ECONOMY

New pension fund set to be mired in deficit

New pension fund set to be mired in deficit

The new pension fund set to replace IKA – to be named the Single Social Security Fund (EFKA) – is expected to launch with a formal deficit of 2.5 billion euros despite the abolition of early retirement and snap cuts to pensions old and new. On top of that, there is also the informal deficit, which exceeds 4.5 billion euros, concerning the hundreds of thousands of retirees whose pension applications are still pending.

In addition, one mustn’t forget the internal debts of funds to the National Healthcare Service Organization (EOPYY), amounting to 2 billion euros, and IKA’s loans to the Manpower Organization (OAED) – some 3 billion euros that will probably never be returned. That brings the black hole to more than 12 billion euros – threatening to suck the new entity in from the get-go.

As explained at the start of the 32nd annual conference of the federation of social security fund employees (POPOKP) on Thursday, the deficit in the budget of the two main funds, IKA (for employees) and OAEE (for the self-employed), adds up to almost 3 billion euros for 2016 alone. The federation’s head, Antonis Kourouklis, said that if the retirees with outstanding pension applications were to receive their delayed monthly allowances now, the deficit of IKA and OAEE would have to grow by 1.5 billion euros to cover the overdue pensions and another 1.5 billion euros per year to cover the new pensions to be issued.

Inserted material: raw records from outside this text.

Lemma rank_split x es1 es2 :
  (forall a b, In a es1 -> In b es2 -> (ekey a < ekey b)%Z) ->
  ~ In x (map ekey (es1 ++ es2)) ->
  length (filter (fun e => Z.ltb (ekey e) x) (es1 ++ es2)) = length es1 ->
  (forall a, In a es1 -> (ekey a < x)%Z) /\ (forall b, In b es2 -> (x < ekey b)%Z).
Proof.
  intros Hlt Hx Hl. rewrite filter_app, length_app in Hl.
  assert (Hgt : forall b, In b es2 -> (x < ekey b)%Z).
  { intros b Hb. destruct (Z.lt_trichotomy x (ekey b)) as [H|[H|H]]; auto; exfalso.
    - apply Hx. rewrite H, map_app. apply in_or_app, or_intror, in_map, Hb.
    - rewrite forallb_filter_id in Hl.
      + assert (In b (filter (fun e => Z.ltb (ekey e) x) es2))
          by (apply filter_In; split; [auto|apply Z.ltb_lt; auto]).
        destruct (filter _ es2); [contradiction|simpl in Hl; lia].
      + apply forallb_forall. intros a Ha. apply Z.ltb_lt.
        specialize (Hlt a b Ha Hb). lia. }
  split; auto.
  destruct (filter (fun e => Z.ltb (ekey e) x) es2) as [|b l] eqn:E.
  - rewrite Nat.add_0_r in Hl. apply filter_length_forallb in Hl.
    rewrite forallb_forall in Hl. intros a Ha. apply Z.ltb_lt. auto.
  - assert (Hb : In b (filter (fun e => Z.ltb (ekey e) x) es2)) by (rewrite E; left; auto).
    apply filter_In in Hb as [Hb Hbx]. apply Z.ltb_lt in Hbx. specialize (Hgt b Hb). lia.
Qed.

Lemma entries_descend es cs1 ch cs2 c im x :
  length (cs1 ++ ch :: cs2) = S (length es) -> ~ In x (map ekey es) ->
  length cs1 = length (filter (fun e => Z.ltb (ekey e) x) es) ->
  sorted_keys (entries (Node es (cs1 ++ ch :: cs2) c im)) ->
  exists EA ER,
    (forall ch0 c0 im0, entries (Node es (cs1 ++ ch0 :: cs2) c0 im0) = EA ++ entries ch0 ++ ER) /\
    (forall a, In a EA -> (ekey a < x)%Z) /\ (forall a, In a ER -> (x < ekey a)%Z).
Proof.
  intros Hlen Hx Hcnt Hs.
  pose proof (filter_length_le (fun e => Z.ltb (ekey e) x) es) as Hle.
  set (n := length cs1) in *.
  set (es1 := firstn n es). set (es2 := skipn n es).
  assert (Hes : es = es1 ++ es2) by (symmetry; apply firstn_skipn).
  assert (Hl1 : length es1 = n) by (apply firstn_length_le; lia).
  assert (Hl2 : length es2 = length cs2).
  { rewrite length_app in Hlen. simpl in Hlen. rewrite Hes, length_app in Hlen.
    unfold n in *. lia. }
  assert (Hent : forall ch0 c0 im0, entries (Node es (cs1 ++ ch0 :: cs2) c0 im0) =
     inorder_prefix es1 (map entries cs1) ++ entries ch0 ++ inorder_suffix es2 (map entries cs2)).
  { intros. simpl. rewrite map_app, Hes. apply inorder_app. rewrite length_map. auto. }
  exists (inorder_prefix es1 (map entries cs1)), (inorder_suffix es2 (map entries cs2)).
  split; [exact Hent|].
  rewrite Hent in Hs. pose proof Hs as Hs0.
  apply sorted_keys_app in Hs as [HA [HR Hlt]]. apply sorted_keys_app in HR as [_ [HR _]].
  destruct (rank_split x es1 es2) as [Hk1 Hk2].
  - intros a b Ha Hb. apply Hlt.
    + apply In_inorder_prefix; auto. rewrite length_map; auto.
    + apply in_or_app. right. apply In_inorder_suffix; auto. rewrite length_map; auto.
  - rewrite <- Hes. auto.
  - rewrite <- Hes, Hl1. auto.
  - split.
    + eapply inorder_prefix_lt; eauto. rewrite length_map; auto.
    + eapply inorder_suffix_gt; eauto. rewrite length_map; auto.
Qed.

Lemma find_key_between EA E ER x :
  (forall a, In a EA -> (ekey a < x)%Z) -> (forall a, In a ER -> (x < ekey a)%Z) ->
  find (fun e => Z.eqb (ekey e) x) (EA ++ E ++ ER) = find (fun e => Z.eqb (ekey e) x) E.
Proof.
  intros HA HR. induction EA as [|a EA IH]; simpl.
  - induction E as [|e E IHE]; simpl.
    + induction ER as [|b ER IHR]; simpl; auto.
      rewrite (proj2 (Z.eqb_neq _ _)) by (specialize (HR b (or_introl eq_refl)); lia).
      apply IHR. intros; apply HR; right; auto.
    + destruct (Z.eqb (ekey e) x); auto.
  - rewrite (proj2 (Z.eqb_neq _ _)) by (specialize (HA a (or_introl eq_refl)); lia).
    apply IH. intros; apply HA; right; auto.
Qed.

Lemma sorted_replace_between EA E E' ER x :
  (forall a, In a EA -> (ekey a < x)%Z) -> (forall a, In a ER -> (x < ekey a)%Z) ->
  sorted_keys (EA ++ E ++ ER) -> sorted_keys E' -> adds_only x E E' ->
  sorted_keys (EA ++ E' ++ ER) /\ adds_only x (EA ++ E ++ ER) (EA ++ E' ++ ER).
Proof.
  intros HA HR Hs Hs' Hk.
  apply sorted_keys_app in Hs as [HsA [HsER HltA]].
  apply sorted_keys_app in HsER as [_ [HsR HltE]].
  assert (Hold : forall a, In a E' -> (exists a0, In a0 E /\ ekey a0 = ekey a) \/ ekey a = x).
  { intros a Ha. destruct (Hk (ekey a) (in_map _ _ _ Ha)) as [H|H]; auto.
    left. apply in_map_iff in H as [a0 [? ?]]. eauto. }
  split.
  - apply sorted_keys_app. split; [auto|split].
    + apply sorted_keys_app. split; [auto|split; [auto|]].
      intros a b Ha Hb. destruct (Hold a Ha) as [[a0 [Ha0 <-]]| ->]; auto.
    + intros a b Ha Hb. apply in_app_or in Hb as [Hb|Hb].
      * destruct (Hold b Hb) as [[b0 [Hb0 <-]]| ->]; auto. apply HltA; auto. apply in_or_app; auto.
      * apply HltA; auto. apply in_or_app; auto.
  - intros k. rewrite !map_app. intros Hin. apply in_app_or in Hin as [Hin|Hin].
    + left. apply in_or_app; auto.
    + apply in_app_or in Hin as [Hin|Hin].
      * destruct (Hk k Hin); auto. left. apply in_or_app; right; apply in_or_app; auto.
      * left. apply in_or_app; right; apply in_or_app; auto.
Qed.

Lemma sorted_descend es cs1 ch cs2 c im x :
  length (cs1 ++ ch :: cs2) = S (length es) -> ~ In x (map ekey es) ->
  length cs1 = length (filter (fun e => Z.ltb (ekey e) x) es) ->
  sorted_keys (entries (Node es (cs1 ++ ch :: cs2) c im)) ->
  sorted_keys (entries ch) /\ acx (Node es (cs1 ++ ch :: cs2) c im) x = acx ch x /\
  forall ch' c' im', sorted_keys (entries ch') -> adds_only x (entries ch) (entries ch') ->
    sorted_keys (entries (Node es (cs1 ++ ch' :: cs2) c' im')) /\
    adds_only x (entries (Node es (cs1 ++ ch :: cs2) c im))
                (entries (Node es (cs1 ++ ch' :: cs2) c' im')).
Proof.
  intros Hlen Hx Hcnt Hs.
  destruct (entries_descend es cs1 ch cs2 c im x Hlen Hx Hcnt Hs) as [EA [ER [Hent [HA HR]]]].
  rewrite Hent in Hs. split; [|split].
  - apply sorted_keys_app in Hs as [_ [Hs _]]. apply sorted_keys_app in Hs. tauto.
  - unfold acx. rewrite Hent, find_key_between; auto.
  - intros ch' c' im' Hs' Hk. rewrite !Hent. apply sorted_replace_between; auto.
Qed.

Lemma keys_found es1 e e' es2 cs c im c' im' :
  ekey e' = ekey e ->
  map ekey (entries (Node (es1 ++ e' :: es2) cs c' im')) =
  map ekey (entries (Node (es1 ++ e :: es2) cs c im)).
Proof.
  intros H. apply map_inorder. rewrite !map_app. simpl. rewrite H. reflexivity.
Qed.

Section Invariant.
Local Open Scope nat_scope.

Definition im_of (t : gsat) : nat := match t with Leaf => 0 | Node _ _ _ im => im end.
Definition counter (t : gsat) : nat := match t with Leaf => 0 | Node _ _ c _ => c end.
Definition gauge (t : gsat) : nat := im_of t + counter t.

(* [im] was the weight of the subtree at its last rebuild, when every child
   weighed at most half of it; since then at most [c] operations went through
   the node.  [inv_slack] yields [im <= tm + 4 * c] for whole subtrees
   ([im_of_le_tm]), which survives the rebuilds of descendants. *)
Record node_inv (es : list entry) (cs : list gsat) (c im : nat) : Prop := {
  inv_arity : length cs = S (length es);
  inv_weight : 1 <= list_sum (map eac es);
  inv_counter : 4 * c <= im;
  inv_mass : tm (Node es cs c im) <= im + c;
  inv_slack : im + 4 * list_sum (map counter cs) <=
              list_sum (map eac es) + 4 * c + list_sum (map im_of cs);
  inv_children : Forall (fun w => 2 * gauge w <= im + 2 * c) cs }.

Lemma node_inv_well_shaped t : every_node node_inv t -> every_node well_shaped t.
Proof. apply every_node_impl. intros es cs c im []. auto. Qed.

Lemma im_of_le_tm t : every_node node_inv t -> im_of t <= tm t + 4 * counter t.
Proof.
  induction t as [|es cs c im IH] using gsat_nested_ind; simpl; [lia|].
  intros Ht. apply every_node_inv in Ht as [[_ _ _ _ Hslack _] Hcs].
  enough (list_sum (map im_of cs) <= list_sum (map tm cs) + 4 * list_sum (map counter cs))
    by lia.
  clear Hslack. induction cs as [|ch cs IHcs]; simpl; [lia|].
  apply Forall_cons_iff in IH as [IHch IH], Hcs as [Hch Hcs].
  specialize (IHch Hch). specialize (IHcs IH Hcs). lia.
Qed.

Definition node_potential (c im : nat) : nat := 10 * c + Nat.min (16 * c) (4 * im - 16 * c).

Fixpoint potential (t : gsat) : nat :=
  match t with
  | Leaf => 0
  | Node _ cs c im => node_potential c im + list_sum (map potential cs)
  end.

Lemma node_potential_succ c im : node_potential (S c) im <= node_potential c im + 26.
Proof. unfold node_potential. lia. Qed.

Lemma node_potential_succ_heavy c im :
  4 * S c <= im -> im < 8 * c -> node_potential (S c) im + 6 <= node_potential c im.
Proof. unfold node_potential. lia. Qed.

Lemma node_potential_rebuild c im :
  4 * c <= im -> im < 4 * S c -> 2 * (im + c + 1) <= node_potential c im + 30.
Proof. unfold node_potential. lia. Qed.

(* The bound guaranteed by a search path that visits [n] light nodes in a
   subtree of weight [m] and gauge [g], where [a = max 1 ac(x)]. *)
Definition descent_bound (a m g n : nat) : Prop :=
  match n with
  | 0 => True
  | S k => 4 * 4 ^ k * a <= 9 * 3 ^ k * m /\ 4 ^ k * a <= 3 ^ k * g
  end.

Lemma descent_bound_mono a m g m' g' n :
  m' <= m -> g' <= g -> descent_bound a m' g' n -> descent_bound a m g n.
Proof.
  destruct n as [|k]; simpl; [auto|]. intros Hm Hg [H1 H2].
  split; [apply (Nat.le_trans _ _ _ H1)|apply (Nat.le_trans _ _ _ H2)];
    apply Nat.mul_le_mono_l; auto.
Qed.

Lemma descent_bound_light a m g m' g' n :
  4 * g' <= 3 * g -> 4 * g <= 9 * m -> a <= m -> m <= g ->
  descent_bound a m' g' n -> descent_bound a m g (S n).
Proof.
  intros Hg Hgm Ham Hmg. destruct n as [|k]; simpl; [lia|]. intros [_ H].
  assert (H4 : 4 ^ S k * a <= 3 ^ S k * g).
  { rewrite !Nat.pow_succ_r'.
    assert (3 ^ k * (4 * g') <= 3 ^ k * (3 * g)) by (apply Nat.mul_le_mono_l; auto).
    nia. }
  split; [|exact H4].
  assert (3 ^ S k * (4 * g) <= 3 ^ S k * (9 * m)) by (apply Nat.mul_le_mono_l; auto).
  nia.
Qed.

End Invariant.

Lemma upd_spec o e e' : upd o e = Some e' -> ekey e' = ekey e /\ eac e' = S (eac e).
Proof.
  destruct o; simpl; [destruct (emark e)| |destruct (emark e)]; intros H;
    try discriminate; injection H as <-; simpl; auto.
Qed.

Lemma rebuild_trigger c im : INR (S c) > INR im / 4 <-> (im < 4 * S c)%nat.
Proof.
  split; intros H.
  - apply INR_lt. rewrite mult_INR. simpl (INR 4). lra.
  - apply lt_INR in H. rewrite mult_INR in H. simpl (INR 4) in H. lra.
Qed.

Lemma no_rebuild_trigger c im : ~ (INR (S c) > INR im / 4) -> (4 * S c <= im)%nat.
Proof. rewrite rebuild_trigger. lia. Qed.

Lemma le_div_succ_half a m d : 1 <= d -> INR a <= INR m / (d + 1) -> (2 * a <= m)%nat.
Proof.
  intros Hd H. apply INR_le. rewrite mult_INR. simpl (INR 2).
  pose proof (pos_INR m).
  assert (INR m / (d + 1) <= INR m / 2).
  { apply Rmult_le_compat_l; auto. apply Rinv_le_contravar; lra. }
  lra.
Qed.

Kourouklis added that the delays in the processing of retirees’ applications by the merged pension funds – besides the chaos they will generate among candidate recipients who have already started physically attacking fund employees – will lead to a further deficit of 1.5 billion euros.

The period between the application for and the actual payment of a pension already ranges between 12 and 36 months, and the fund mergers, along with the labyrinth of recalculating pensions, will likely further aggravate the already difficult situation: There are already at least 350,000 outstanding applications, and their total cost is estimated at over 4 billion euros.